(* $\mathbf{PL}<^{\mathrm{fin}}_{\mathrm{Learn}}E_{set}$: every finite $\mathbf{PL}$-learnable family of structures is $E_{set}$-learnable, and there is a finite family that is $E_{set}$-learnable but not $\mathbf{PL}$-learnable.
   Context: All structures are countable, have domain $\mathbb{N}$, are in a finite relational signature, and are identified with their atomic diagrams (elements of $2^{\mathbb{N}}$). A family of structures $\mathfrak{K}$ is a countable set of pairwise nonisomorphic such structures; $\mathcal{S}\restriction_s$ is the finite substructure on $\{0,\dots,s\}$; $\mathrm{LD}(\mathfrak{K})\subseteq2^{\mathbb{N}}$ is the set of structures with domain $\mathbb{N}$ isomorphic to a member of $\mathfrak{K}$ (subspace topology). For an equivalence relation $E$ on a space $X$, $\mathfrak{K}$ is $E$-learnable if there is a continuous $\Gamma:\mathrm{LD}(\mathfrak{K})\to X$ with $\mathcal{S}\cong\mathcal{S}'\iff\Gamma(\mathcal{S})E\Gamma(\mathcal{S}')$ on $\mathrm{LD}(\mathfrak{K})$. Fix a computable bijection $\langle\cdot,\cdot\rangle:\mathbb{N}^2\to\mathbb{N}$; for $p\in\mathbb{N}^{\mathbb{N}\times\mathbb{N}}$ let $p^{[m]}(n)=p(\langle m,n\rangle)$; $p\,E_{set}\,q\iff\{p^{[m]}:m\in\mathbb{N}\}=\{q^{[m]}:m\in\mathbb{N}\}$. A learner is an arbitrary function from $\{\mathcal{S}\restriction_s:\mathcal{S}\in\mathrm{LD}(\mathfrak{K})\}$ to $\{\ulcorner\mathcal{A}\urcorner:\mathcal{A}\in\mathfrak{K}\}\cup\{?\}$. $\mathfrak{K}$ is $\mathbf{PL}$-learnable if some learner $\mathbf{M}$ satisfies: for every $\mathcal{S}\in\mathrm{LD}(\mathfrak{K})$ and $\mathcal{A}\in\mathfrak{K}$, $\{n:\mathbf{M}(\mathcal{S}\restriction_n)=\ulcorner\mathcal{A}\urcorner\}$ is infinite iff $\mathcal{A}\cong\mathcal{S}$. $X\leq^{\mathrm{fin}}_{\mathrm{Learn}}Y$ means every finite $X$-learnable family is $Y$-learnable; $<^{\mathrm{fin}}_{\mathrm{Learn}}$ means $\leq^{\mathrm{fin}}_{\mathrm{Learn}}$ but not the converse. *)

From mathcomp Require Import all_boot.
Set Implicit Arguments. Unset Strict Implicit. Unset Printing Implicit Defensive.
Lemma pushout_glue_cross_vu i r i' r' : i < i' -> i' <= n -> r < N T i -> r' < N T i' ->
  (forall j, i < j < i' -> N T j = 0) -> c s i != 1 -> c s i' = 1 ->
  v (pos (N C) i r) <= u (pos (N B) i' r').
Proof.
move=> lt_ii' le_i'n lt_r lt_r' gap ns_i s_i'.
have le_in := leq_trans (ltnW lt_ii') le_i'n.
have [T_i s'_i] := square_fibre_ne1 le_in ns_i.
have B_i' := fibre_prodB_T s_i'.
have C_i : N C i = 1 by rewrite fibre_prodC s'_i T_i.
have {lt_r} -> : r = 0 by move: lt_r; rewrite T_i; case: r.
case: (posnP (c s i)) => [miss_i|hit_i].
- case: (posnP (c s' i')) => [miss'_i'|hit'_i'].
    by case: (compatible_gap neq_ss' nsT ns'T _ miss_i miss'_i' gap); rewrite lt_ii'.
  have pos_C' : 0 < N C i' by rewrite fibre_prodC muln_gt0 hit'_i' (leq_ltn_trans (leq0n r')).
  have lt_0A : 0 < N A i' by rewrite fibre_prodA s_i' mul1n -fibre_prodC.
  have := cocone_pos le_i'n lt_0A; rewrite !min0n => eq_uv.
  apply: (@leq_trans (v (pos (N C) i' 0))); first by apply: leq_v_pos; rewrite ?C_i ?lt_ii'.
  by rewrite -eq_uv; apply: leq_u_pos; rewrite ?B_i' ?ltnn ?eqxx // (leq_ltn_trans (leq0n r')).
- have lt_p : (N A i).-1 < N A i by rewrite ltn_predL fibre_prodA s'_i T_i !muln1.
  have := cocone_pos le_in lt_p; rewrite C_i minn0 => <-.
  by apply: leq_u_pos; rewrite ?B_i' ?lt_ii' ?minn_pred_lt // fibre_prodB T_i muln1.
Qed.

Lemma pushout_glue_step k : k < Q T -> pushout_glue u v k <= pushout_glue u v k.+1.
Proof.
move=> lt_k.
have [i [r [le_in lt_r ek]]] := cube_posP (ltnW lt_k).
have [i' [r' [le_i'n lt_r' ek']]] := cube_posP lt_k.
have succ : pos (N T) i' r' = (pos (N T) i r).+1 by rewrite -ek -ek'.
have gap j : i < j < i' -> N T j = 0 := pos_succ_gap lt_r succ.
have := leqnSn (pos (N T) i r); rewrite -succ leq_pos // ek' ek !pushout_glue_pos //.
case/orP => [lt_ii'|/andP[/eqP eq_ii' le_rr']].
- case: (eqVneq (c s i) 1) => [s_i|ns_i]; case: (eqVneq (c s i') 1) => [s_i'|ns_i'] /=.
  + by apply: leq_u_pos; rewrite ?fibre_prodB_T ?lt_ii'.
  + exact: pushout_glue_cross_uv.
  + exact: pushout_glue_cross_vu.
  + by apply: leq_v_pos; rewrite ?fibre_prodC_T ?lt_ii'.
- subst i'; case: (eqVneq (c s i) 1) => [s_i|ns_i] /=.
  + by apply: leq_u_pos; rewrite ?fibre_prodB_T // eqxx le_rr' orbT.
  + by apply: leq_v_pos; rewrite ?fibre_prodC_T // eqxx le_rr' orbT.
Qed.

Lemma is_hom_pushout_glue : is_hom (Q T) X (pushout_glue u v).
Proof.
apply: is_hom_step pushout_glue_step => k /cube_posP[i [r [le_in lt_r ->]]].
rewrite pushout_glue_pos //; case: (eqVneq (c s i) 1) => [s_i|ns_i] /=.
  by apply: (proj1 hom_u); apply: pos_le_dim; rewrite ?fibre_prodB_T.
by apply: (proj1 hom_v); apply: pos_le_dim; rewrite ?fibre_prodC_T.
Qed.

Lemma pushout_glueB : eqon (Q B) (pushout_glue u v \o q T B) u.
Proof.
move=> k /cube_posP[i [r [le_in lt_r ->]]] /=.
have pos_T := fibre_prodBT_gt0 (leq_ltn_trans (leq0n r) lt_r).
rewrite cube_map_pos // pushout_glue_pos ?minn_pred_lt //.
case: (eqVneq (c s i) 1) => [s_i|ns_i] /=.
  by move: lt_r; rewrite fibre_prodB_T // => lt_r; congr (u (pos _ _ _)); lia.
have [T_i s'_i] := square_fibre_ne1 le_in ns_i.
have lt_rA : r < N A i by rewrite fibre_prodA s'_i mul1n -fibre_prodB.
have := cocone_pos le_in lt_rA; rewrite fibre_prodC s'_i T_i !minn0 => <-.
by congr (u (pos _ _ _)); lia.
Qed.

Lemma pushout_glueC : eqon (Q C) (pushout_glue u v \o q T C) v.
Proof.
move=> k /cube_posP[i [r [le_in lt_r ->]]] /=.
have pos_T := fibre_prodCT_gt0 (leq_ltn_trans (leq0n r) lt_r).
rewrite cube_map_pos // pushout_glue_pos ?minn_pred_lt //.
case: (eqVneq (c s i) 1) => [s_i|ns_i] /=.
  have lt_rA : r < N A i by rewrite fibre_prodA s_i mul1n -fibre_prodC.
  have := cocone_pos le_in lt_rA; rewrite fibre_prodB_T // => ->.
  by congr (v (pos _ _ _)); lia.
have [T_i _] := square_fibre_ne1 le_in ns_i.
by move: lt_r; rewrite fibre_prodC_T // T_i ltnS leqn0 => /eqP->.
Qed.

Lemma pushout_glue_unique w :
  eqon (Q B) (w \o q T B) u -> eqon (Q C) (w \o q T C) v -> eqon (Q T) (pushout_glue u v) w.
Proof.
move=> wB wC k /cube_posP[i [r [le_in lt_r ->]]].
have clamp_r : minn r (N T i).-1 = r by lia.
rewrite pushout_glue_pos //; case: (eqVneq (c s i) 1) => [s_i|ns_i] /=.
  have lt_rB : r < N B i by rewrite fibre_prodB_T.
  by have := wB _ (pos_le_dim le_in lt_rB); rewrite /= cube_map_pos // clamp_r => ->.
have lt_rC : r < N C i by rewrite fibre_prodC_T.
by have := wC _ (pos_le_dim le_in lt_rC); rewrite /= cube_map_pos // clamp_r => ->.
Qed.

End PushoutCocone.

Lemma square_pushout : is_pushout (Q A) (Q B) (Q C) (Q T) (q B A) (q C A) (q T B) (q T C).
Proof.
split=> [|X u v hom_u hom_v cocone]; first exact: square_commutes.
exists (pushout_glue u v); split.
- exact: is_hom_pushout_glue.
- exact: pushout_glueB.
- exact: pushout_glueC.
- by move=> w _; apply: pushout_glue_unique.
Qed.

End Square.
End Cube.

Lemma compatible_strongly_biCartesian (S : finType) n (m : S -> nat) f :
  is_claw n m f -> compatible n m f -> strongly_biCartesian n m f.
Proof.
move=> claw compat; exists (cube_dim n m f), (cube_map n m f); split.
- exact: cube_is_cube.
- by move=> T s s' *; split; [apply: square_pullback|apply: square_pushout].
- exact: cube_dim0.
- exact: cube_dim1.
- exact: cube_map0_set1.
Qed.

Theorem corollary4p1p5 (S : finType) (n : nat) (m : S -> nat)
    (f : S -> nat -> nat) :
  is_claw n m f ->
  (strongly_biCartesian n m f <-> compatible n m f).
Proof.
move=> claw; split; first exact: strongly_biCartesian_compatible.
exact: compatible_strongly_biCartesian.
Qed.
------
WHAT IS BEING ASKED:
Pull each line holding "exact" out of the listing.

EXERCISE RESPONSE:
  + exact: pushout_glue_cross_uv.
  + exact: pushout_glue_cross_vu.
split=> [|X u v hom_u hom_v cocone]; first exact: square_commutes.
- exact: is_hom_pushout_glue.
- exact: pushout_glueB.
- exact: pushout_glueC.
- exact: cube_is_cube.
- exact: cube_dim0.
- exact: cube_dim1.
- exact: cube_map0_set1.
move=> claw; split; first exact: strongly_biCartesian_compatible.
exact: compatible_strongly_biCartesian.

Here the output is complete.